The story follows Jenna Jones (Gabrielle Union) and Eric Combs (Keith Powers) who gravitate toward each other despite a substantial age gap and the fact that Eric is the son of Jenna’s boss Darcy (Gina Torres).

The two pair up for a creative project for Darzine, Darcy’s fashion magazine. The project, which eventually becomes “The Perfect Find” highlights fashions inspired by Black starlets of Hollywood’s past. Jenna and Eric also bond over their love for old Hollywood — like Nina Mae McKinney, who pops up throughout the film with clips from “Hallelujah!,” a Greta Garbo clip from “The Flesh and Devil” and Spike Lee’s “School Daze,” featured at a drive-in movie date.

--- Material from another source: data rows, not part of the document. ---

Lemma extends_witness x y : (h + h <= n)%N -> extends x y ->
  exists i j, (matching_metric y i j : nat) = 1%N /\ (matching_metric x i j : nat) = M.
Proof.
move=> hh_le xy; case/and5P: (xy) => _ /eqP x_card _ /eqP y_card _.
have [e ey ex] : exists2 e, e \in y & e \notin x.
  by apply/subsetPn; apply: contraTN isT => /subset_leq_card; rewrite x_card y_card ltnn.
have e1_lt : (e.1 < n)%N by have := ltn_ord e.1; lia.
have e2_lt : (h + e.2 < n)%N by have := ltn_ord e.2; lia.
have e_ij : joins e (Ordinal e1_lt) (Ordinal e2_lt) by rewrite /joins /= !eqxx.
exists (Ordinal e1_lt), (Ordinal e2_lt); rewrite !matching_metricE (negbTE (joins_neq e_ij)).
have -> : near y (Ordinal e1_lt) (Ordinal e2_lt) by apply/exists_inP; exists e.
suff -> : near x (Ordinal e1_lt) (Ordinal e2_lt) = false by [].
by apply: contraNF ex => /exists_inP[e' e'x /joins_inj /(_ e_ij) <-].
Qed.

End Matchings.

Lemma approximates_excl n M alpha (d d' : 'I_n -> 'I_n -> 'I_M.+1) (X : 'M[RR]_n) i j :
  alpha * (d i j : nat)%:R < (d' i j : nat)%:R ->
  approximates alpha d X -> ~ approximates alpha d' X.
Proof.
move=> d_lt dX d'X; have [_ X_le] := dX i j; have [le_X _] := d'X i j.
by move: d_lt; rewrite ltNge (le_trans le_X X_le).
Qed.

Lemma matching_lower_bound n M W T alpha h s (A : query_algorithm n M W T) :
  (0 < M)%N -> alpha < M%:R -> (s < h)%N -> (h + h <= n)%N ->
  estimates_within alpha A -> Num.sqrt (((h - s) ^ 2 * s.+1)%:R : RR) / 40%:R <= T%:R.
Proof.
move=> M_gt0 alpha_lt s_lt hh_le A_est.
have metric x : matching x -> is_metric (@matching_metric n M h x).
  exact: matching_metric_is_metric.
apply: (ambainis_bound (inp := @matching_metric n M h) (R := extends s)).
- exact: extends_right_unique.
- exact: extends_left_unique.
- move=> x y /[dup] xy /and5P[x_match _ y_match _ _].
  exists (fun t => `[< approximates alpha (matching_metric M x) (qa_out A t) >]).
  split; first exact: A_est (metric x x_match).
  apply: le_trans (A_est _ (metric y y_match)) _; apply: mass_sub => t /asboolP y_approx.
  apply/asboolP; have [i [j [y1 xM]]] := extends_witness M_gt0 hh_le xy.
  by apply: (approximates_excl (i := i) (j := j) _ y_approx); rewrite y1 xM mulr1.
- exact: extends_exists.
- by move=> x y /and5P[x_match /eqP x_card _ _ _]; exact: card_extends_right.
- by move=> x y; exact: card_extends_left.
Qed.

Perrier explained the process behind making references to classic Black Hollywood, first during Jenna’s swap meet browsing, where images of Diana Ross, Josephine Baker, Pearl Bailey, The Supremes, Diahann Carroll, Cicely Tyson, Eartha Kitt and Aretha Franklin flash across the screen. Later, Jenna and Eric roll out the “The Perfect Find,” and include video of author Tia Williams dressed to honor the film “Mahogany,” screenwriter Leigh Davenport honoring Aretha Franklin’s song “Chain of Fools,” poet Yrsa Daley Ward honoring Cleopatra Jones and the Blaxploitation era, Remy Ma honoring Dorothy Danbridge as Carmen Jones and Perrier herself honoring “Porgy & Bess” as Pearl Bailey.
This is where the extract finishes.